Will the FEC make bloggers kiss the First Amendment goodbye?

When it comes to the law of unintended consequences, the McCain-Feingold campaign-finance "reform" is rapidly becoming a legal phenomenon. The latest example comes courtesy of the Federal Election Commission, where officials are being asked to extend the law to the very people it is supposed to empower: individual citizens.

We'd like to say we're surprised, but this was always going to be the end result of a law that naively believed it could ban money from politics. Since 2003, when the Supreme Court upheld it, McCain-Feingold has failed spectacularly in its stated goal of reining in fat-cat donors. Yet its uncompromising language has helped to gag practically every other politically active entity--from advocacy groups to labor unions. Now the FEC is being asked to censor another segment of society, the millions of individuals who engage in political activity online.

The problem facing the FEC is that McCain-Feingold broadly restricts coordination with, and contributions to, political candidates. So what is the agency to do with all those people who use their Web sites to praise a candidate? Computers and Web access cost money, which could be construed as a financial contribution to a campaign. Ditto bloggers who link to politicians' Web sites, or any individual who forwards a candidate's press release to a list of buddies. All this is to say nothing of blogs that are affiliated with political campaigns and coordinate their activities....

Looks like bloggers have been given at least a temporary reprieve by the FEC.
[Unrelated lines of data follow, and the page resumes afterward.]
Lemma non_A_indices_common_approximation :
  exists i : nat -> nat,
    (forall m, (m < d)%nat -> (1 <= i m <= p)%nat) /\
    (forall m m', (m < d)%nat -> (m' < d)%nat -> i m = i m' -> m = m') /\
    exists Q : nat, (1 <= Q)%nat /\
      forall m, (m < d)%nat -> dist_nint (INR Q * theta (i m)) < C * Rpower (INR Q) (- nu).
Proof.
  set (a j := q j (s j)).
  assert (Ha : forall j, (1 <= j <= p)%nat -> (1 <= a j)%nat).
  { intros j Hj. destruct (Hs j Hj) as [Hsj _].
    pose proof (best_approx_denoms_ge_index (theta j) (q j) (Hq j Hj) (s j) Hsj). unfold a. lia. }
  assert (Ha_range : forall j, (1 <= j <= p)%nat -> 0 <= ln (INR (a j)) < INR N * w).
  { intros j Hj. split; [apply ln_INR_ge0, Ha, Hj|].
    apply Rle_lt_trans with (2 := HK_N). rewrite <- ln_Rpower.
    apply ln_le; [apply lt_0_INR, Ha, Hj|]. apply Rle_trans with V; [apply Hs, Hj|exact HVK]. }
  destruct (exists_clustered_indices (fun j => ln (INR (a j))) w N d p Hw Ha_range Hp)
    as [i [Hi [Hinj Hwindow]]].
  exists i. split; [exact Hi|]. split; [exact Hinj|].
  exists (nat_prod (fun m => a (i m)) d). split.
  { apply nat_prod_ge1. intros m Hm. apply Ha, Hi, Hm. }
  apply (nat_prod_cluster_dist_lt (fun m => theta (i m)) (fun m => a (i m))
           (fun m => q (i m) (S (s (i m))))).
  - intros m Hm. apply Ha, Hi, Hm.
  - exact Hwindow.
  - intros m Hm. specialize (Hi m Hm).
    exact (dist_nint_convergent_le _ _ (Hq _ Hi) _ (proj1 (Hs _ Hi))).
  - intros m Hm. apply Hs, Hi, Hm.
  - intros m Hm. apply Hs, Hi, Hm.
Qed.

End CommonApproximation.

Theorem mainTheorem4 (nu K : R) (d : nat) :
  0 < nu -> 0 < K -> (2 <= d)%nat ->
  exists p : nat,
    forall (theta : nat -> R),
      (forall j, (1 <= j <= p)%nat -> irrational (theta j)) ->
      (exists C : R, 0 < C /\
         forall (i : nat -> nat) (k : Z),
           (forall m, (m < d)%nat -> (1 <= i m <= p)%nat) ->
           (forall m m', (m < d)%nat -> (m' < d)%nat -> i m = i m' -> m = m') ->
           k <> 0%Z ->
           exists m, (m < d)%nat /\
             dist_nint (IZR k * theta (i m)) >= C * Rpower (Rabs (IZR k)) (- nu)) ->
      forall q : nat -> nat -> nat,
        (forall j, (1 <= j <= p)%nat -> best_approx_denoms (theta j) (q j)) ->
        exists U0 : R, forall U V : R,
          0 < U -> U0 <= U -> U <= V -> V <= Rpower U K ->
          exists (k l n : nat),
            (1 <= k <= p)%nat /\ (1 <= l)%nat /\ (l < n)%nat /\
            (forall s, (l <= s < n)%nat -> in_A (tau_seq nu (d - 1)) (q k) s) /\
            INR (q k l) <= U /\ U <= V /\ V <= INR (q k n).
Proof.
  intros Hnu HK Hd.
  set (D := INR d * (1 + nu)).
  assert (HD : 1 <= D) by (unfold D; pose proof (le_INR 2 d Hd); simpl in *; nra).
  assert (Htau : D <= tau_seq nu (d - 1)).
  { unfold D. replace d with (S (d - 1)) at 1 by lia. apply tau_seq_ge; [exact Hnu|lia]. }
  set (N := S (nat_floor (2 * K * D ^ 2))).
  exists (N * (d - 1) + 1)%nat. intros theta _ [C [HC Hdio]] q Hq.
  (* [U0] makes [D w >= |ln C|] for the window width [w = ln U / (2 D^2)] used below. *)
  exists (exp (2 * D * Rabs (ln C) + 1)). intros U V HU HU0 HUV HVK.
  assert (HlnU : 2 * D * Rabs (ln C) + 1 <= ln U).
  { rewrite <- (ln_exp (2 * D * Rabs (ln C) + 1)). apply ln_le; [apply exp_pos|exact HU0]. }
  assert (HU1 : 1 <= U).
  { apply Rlt_le, ln_lt_inv; [lra|exact HU|]. rewrite ln_1. pose proof (Rabs_pos (ln C)). nra. }
  destruct (diophantine_string_or_non_A_indices theta q (tau_seq nu (d - 1)) U V
              (N * (d - 1) + 1) Hq HU1 HUV) as [[k [l [n Hstring]]]|[s Hs]];
    [exists k, l, n; tauto|exfalso].
  set (w := ln U / (2 * D ^ 2)).
  assert (Hw_U : 2 * D ^ 2 * w = ln U) by (unfold w; field; lra).
  assert (Hw : 0 < w) by (pose proof (Rabs_pos (ln C)); nra).
  assert (HC_w : - (D * w) <= ln C).
  { pose proof (Rle_abs (- ln C)). rewrite Rabs_Ropp in *. nra. }
  assert (HK_N : K * ln U < INR N * w).
  { rewrite <- Hw_U. unfold N. rewrite S_INR.
    pose proof (nat_floor_spec (2 * K * D ^ 2) ltac:(nra)). nra. }
  destruct (non_A_indices_common_approximation nu C D (tau_seq nu (d - 1)) w U d Hnu HC Hw HU
              (Rle_refl D) Htau (Req_le _ _ Hw_U) HC_w K V N (N * (d - 1) + 1) theta q s HVK HK_N
              ltac:(lia) Hq Hs) as [i [Hi [Hinj [Q [HQ HQ_lt]]]]].
  destruct (Hdio i (Z.of_nat Q) Hi Hinj ltac:(lia)) as [m [Hm Hge]].
  rewrite <- INR_IZR_INZ, Rabs_pos_eq in Hge by apply pos_INR.
  exact (Rge_not_lt _ _ Hge (HQ_lt m Hm)).
Qed.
Online politicking receives temporary reprieve

Political bloggers would continue to be exempt from most campaign finance laws, according to highly anticipated rules that federal regulators released Wednesday.

The Federal Election Commission also proposed that online-only news outlets and that even individual bloggers should be treated as legitimate journalists and immune from laws that could count their political endorsements as campaign contributions.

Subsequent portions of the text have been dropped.